How do the lines below between the ones holding "apply -> is_lim_seq_incr_1." and "Proof. apply upper_square_in_unit;", inclusive, read? Give them again exactly, with no other lines.

─── The records

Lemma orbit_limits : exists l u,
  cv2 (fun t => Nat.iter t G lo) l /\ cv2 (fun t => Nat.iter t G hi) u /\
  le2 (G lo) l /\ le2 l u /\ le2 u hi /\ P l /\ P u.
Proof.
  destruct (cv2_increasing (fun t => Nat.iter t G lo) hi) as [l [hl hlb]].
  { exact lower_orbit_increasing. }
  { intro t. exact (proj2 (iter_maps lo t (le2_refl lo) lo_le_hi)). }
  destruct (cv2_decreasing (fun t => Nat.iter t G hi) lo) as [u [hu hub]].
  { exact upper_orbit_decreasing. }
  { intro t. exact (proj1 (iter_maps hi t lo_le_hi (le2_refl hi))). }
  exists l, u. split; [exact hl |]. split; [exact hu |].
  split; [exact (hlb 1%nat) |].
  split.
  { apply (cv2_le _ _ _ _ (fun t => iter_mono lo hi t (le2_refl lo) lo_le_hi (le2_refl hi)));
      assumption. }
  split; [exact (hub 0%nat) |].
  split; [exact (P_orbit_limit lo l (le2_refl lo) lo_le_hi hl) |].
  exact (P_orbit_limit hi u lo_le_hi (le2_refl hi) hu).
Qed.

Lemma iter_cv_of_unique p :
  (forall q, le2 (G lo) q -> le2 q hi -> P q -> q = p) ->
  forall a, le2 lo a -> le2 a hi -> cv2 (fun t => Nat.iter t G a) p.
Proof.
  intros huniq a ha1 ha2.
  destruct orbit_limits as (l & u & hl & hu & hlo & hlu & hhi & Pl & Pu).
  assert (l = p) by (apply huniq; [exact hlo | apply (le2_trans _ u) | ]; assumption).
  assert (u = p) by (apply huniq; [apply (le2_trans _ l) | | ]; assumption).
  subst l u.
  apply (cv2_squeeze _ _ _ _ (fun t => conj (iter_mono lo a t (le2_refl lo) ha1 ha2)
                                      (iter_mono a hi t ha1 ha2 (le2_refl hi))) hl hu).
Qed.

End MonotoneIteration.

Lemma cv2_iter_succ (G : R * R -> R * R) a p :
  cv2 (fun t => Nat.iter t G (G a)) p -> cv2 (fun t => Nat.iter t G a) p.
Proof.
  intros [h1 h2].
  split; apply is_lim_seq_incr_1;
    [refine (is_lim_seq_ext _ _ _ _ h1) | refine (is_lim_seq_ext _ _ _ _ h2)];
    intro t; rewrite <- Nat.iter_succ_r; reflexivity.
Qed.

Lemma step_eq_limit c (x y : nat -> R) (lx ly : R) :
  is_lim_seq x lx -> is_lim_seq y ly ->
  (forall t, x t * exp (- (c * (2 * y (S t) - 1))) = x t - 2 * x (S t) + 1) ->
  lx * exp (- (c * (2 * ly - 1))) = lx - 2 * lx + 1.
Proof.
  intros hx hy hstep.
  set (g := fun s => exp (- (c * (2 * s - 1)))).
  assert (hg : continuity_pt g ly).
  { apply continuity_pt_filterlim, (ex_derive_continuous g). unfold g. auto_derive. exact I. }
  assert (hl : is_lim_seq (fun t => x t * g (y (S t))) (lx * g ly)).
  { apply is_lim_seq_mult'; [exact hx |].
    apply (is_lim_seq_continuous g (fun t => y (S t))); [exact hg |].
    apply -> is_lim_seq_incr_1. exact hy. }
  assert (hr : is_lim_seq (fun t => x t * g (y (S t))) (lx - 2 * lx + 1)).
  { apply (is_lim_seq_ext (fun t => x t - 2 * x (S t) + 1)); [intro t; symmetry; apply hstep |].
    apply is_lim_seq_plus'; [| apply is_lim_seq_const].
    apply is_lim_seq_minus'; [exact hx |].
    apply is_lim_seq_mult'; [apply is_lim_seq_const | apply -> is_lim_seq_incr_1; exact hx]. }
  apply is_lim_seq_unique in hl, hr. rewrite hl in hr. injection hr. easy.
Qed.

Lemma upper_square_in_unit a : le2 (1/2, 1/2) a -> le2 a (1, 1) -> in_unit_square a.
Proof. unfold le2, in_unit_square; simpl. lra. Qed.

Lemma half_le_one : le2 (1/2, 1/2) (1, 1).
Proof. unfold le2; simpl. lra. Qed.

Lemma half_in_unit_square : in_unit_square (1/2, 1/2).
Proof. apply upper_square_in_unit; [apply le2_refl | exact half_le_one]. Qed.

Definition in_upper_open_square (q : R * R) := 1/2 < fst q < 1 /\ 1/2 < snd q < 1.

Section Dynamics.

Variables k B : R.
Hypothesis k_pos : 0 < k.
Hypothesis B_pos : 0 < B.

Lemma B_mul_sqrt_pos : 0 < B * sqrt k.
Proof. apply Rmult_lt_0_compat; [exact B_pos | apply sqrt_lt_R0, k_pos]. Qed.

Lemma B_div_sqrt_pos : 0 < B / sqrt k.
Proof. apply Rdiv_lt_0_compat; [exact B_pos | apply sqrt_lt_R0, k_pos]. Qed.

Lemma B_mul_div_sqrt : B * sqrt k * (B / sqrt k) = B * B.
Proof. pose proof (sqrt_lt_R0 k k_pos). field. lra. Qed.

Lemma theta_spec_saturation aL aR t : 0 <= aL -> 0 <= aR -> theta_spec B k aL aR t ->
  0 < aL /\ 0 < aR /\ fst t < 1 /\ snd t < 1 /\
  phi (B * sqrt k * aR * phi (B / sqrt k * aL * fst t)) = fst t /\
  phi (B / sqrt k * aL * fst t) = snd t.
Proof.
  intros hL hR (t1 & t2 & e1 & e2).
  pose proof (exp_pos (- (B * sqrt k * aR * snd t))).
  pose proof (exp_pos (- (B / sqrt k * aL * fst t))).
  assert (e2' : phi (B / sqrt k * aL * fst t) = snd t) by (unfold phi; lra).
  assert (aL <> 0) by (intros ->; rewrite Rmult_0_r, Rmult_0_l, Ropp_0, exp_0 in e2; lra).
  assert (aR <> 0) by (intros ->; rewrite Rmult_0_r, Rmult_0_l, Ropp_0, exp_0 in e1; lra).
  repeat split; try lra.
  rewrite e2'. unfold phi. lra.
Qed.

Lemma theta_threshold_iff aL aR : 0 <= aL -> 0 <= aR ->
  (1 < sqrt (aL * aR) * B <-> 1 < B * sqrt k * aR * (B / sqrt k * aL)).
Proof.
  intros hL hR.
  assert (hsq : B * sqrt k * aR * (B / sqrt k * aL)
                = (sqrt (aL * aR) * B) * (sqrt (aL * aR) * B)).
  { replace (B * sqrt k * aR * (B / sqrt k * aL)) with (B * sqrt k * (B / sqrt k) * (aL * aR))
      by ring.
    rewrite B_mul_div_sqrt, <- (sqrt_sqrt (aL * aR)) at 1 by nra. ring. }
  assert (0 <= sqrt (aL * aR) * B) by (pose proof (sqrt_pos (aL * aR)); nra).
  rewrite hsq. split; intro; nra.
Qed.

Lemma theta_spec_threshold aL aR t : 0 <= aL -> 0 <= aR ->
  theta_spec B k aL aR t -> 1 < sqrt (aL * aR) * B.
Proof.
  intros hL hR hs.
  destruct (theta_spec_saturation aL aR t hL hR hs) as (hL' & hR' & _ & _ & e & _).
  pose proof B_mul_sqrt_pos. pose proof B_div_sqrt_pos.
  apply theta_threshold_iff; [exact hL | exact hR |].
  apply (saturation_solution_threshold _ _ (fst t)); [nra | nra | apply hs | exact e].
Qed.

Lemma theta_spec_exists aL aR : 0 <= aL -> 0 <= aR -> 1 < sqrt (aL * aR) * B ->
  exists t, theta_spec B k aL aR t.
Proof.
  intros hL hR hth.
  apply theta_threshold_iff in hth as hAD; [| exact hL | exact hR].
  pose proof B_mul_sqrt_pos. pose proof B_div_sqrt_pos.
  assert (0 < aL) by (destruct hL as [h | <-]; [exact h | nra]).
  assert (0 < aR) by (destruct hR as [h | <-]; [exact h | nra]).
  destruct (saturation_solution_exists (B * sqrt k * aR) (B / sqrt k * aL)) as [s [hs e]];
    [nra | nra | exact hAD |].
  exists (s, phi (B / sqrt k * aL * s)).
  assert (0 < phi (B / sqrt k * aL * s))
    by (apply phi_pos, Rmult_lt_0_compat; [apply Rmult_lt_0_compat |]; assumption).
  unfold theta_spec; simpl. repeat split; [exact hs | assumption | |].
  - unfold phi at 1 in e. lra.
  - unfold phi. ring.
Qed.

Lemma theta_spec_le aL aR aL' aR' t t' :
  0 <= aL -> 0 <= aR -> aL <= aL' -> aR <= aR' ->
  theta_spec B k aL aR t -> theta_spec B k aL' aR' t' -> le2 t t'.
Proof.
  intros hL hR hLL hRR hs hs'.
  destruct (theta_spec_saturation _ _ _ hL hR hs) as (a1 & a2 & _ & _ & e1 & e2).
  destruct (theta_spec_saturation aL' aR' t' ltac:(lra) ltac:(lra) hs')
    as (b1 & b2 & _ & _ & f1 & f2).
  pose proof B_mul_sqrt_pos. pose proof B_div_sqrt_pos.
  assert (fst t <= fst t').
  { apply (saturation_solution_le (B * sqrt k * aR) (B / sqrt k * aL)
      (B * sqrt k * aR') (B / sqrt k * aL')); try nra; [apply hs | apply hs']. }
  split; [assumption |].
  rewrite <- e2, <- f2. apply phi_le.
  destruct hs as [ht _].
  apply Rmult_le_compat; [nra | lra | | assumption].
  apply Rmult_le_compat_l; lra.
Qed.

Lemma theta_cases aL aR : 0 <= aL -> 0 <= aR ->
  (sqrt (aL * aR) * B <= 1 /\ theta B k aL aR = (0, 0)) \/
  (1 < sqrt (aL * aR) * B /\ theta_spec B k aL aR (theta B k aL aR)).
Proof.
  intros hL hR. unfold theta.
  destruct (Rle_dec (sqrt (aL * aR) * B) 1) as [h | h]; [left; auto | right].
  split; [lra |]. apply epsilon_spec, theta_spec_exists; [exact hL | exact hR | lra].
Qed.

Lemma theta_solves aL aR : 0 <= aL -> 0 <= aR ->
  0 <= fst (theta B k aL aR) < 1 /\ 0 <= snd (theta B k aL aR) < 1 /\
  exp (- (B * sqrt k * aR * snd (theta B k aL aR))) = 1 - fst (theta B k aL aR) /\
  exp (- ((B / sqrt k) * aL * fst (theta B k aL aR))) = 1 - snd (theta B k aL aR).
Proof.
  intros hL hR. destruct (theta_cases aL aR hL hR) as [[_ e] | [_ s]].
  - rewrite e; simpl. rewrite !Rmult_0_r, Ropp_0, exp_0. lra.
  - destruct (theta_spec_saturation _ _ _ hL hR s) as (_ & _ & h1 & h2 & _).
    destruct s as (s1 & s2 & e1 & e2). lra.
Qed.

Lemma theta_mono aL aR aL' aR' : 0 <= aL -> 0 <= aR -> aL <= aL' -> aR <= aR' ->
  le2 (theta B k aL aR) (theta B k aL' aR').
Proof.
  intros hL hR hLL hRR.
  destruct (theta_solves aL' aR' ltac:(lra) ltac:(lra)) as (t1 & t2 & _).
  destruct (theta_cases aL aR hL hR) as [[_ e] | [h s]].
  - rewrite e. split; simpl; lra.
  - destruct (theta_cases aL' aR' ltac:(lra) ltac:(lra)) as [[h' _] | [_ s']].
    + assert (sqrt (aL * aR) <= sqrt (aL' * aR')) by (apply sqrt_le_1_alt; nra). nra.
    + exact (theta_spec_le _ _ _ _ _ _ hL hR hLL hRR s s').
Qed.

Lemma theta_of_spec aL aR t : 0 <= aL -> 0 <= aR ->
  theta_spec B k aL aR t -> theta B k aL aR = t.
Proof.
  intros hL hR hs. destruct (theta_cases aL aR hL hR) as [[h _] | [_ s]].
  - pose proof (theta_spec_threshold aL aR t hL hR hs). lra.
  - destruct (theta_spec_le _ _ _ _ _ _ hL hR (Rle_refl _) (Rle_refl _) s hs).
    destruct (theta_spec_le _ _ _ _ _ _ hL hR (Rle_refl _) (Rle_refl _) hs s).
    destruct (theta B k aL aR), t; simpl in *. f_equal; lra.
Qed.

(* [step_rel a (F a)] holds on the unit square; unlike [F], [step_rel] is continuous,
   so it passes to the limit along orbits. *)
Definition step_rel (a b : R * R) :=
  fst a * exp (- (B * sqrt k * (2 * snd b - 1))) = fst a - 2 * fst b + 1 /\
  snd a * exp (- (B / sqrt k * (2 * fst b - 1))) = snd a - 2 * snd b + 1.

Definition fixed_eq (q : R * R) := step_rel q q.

──────

◆ **Response for this exercise**:
    apply -> is_lim_seq_incr_1. exact hy. }
  assert (hr : is_lim_seq (fun t => x t * g (y (S t))) (lx - 2 * lx + 1)).
  { apply (is_lim_seq_ext (fun t => x t - 2 * x (S t) + 1)); [intro t; symmetry; apply hstep |].
    apply is_lim_seq_plus'; [| apply is_lim_seq_const].
    apply is_lim_seq_minus'; [exact hx |].
    apply is_lim_seq_mult'; [apply is_lim_seq_const | apply -> is_lim_seq_incr_1; exact hx]. }
  apply is_lim_seq_unique in hl, hr. rewrite hl in hr. injection hr. easy.
Qed.

Lemma upper_square_in_unit a : le2 (1/2, 1/2) a -> le2 a (1, 1) -> in_unit_square a.
Proof. unfold le2, in_unit_square; simpl. lra. Qed.

Lemma half_le_one : le2 (1/2, 1/2) (1, 1).
Proof. unfold le2; simpl. lra. Qed.

Lemma half_in_unit_square : in_unit_square (1/2, 1/2).
Proof. apply upper_square_in_unit; [apply le2_refl | exact half_le_one]. Qed.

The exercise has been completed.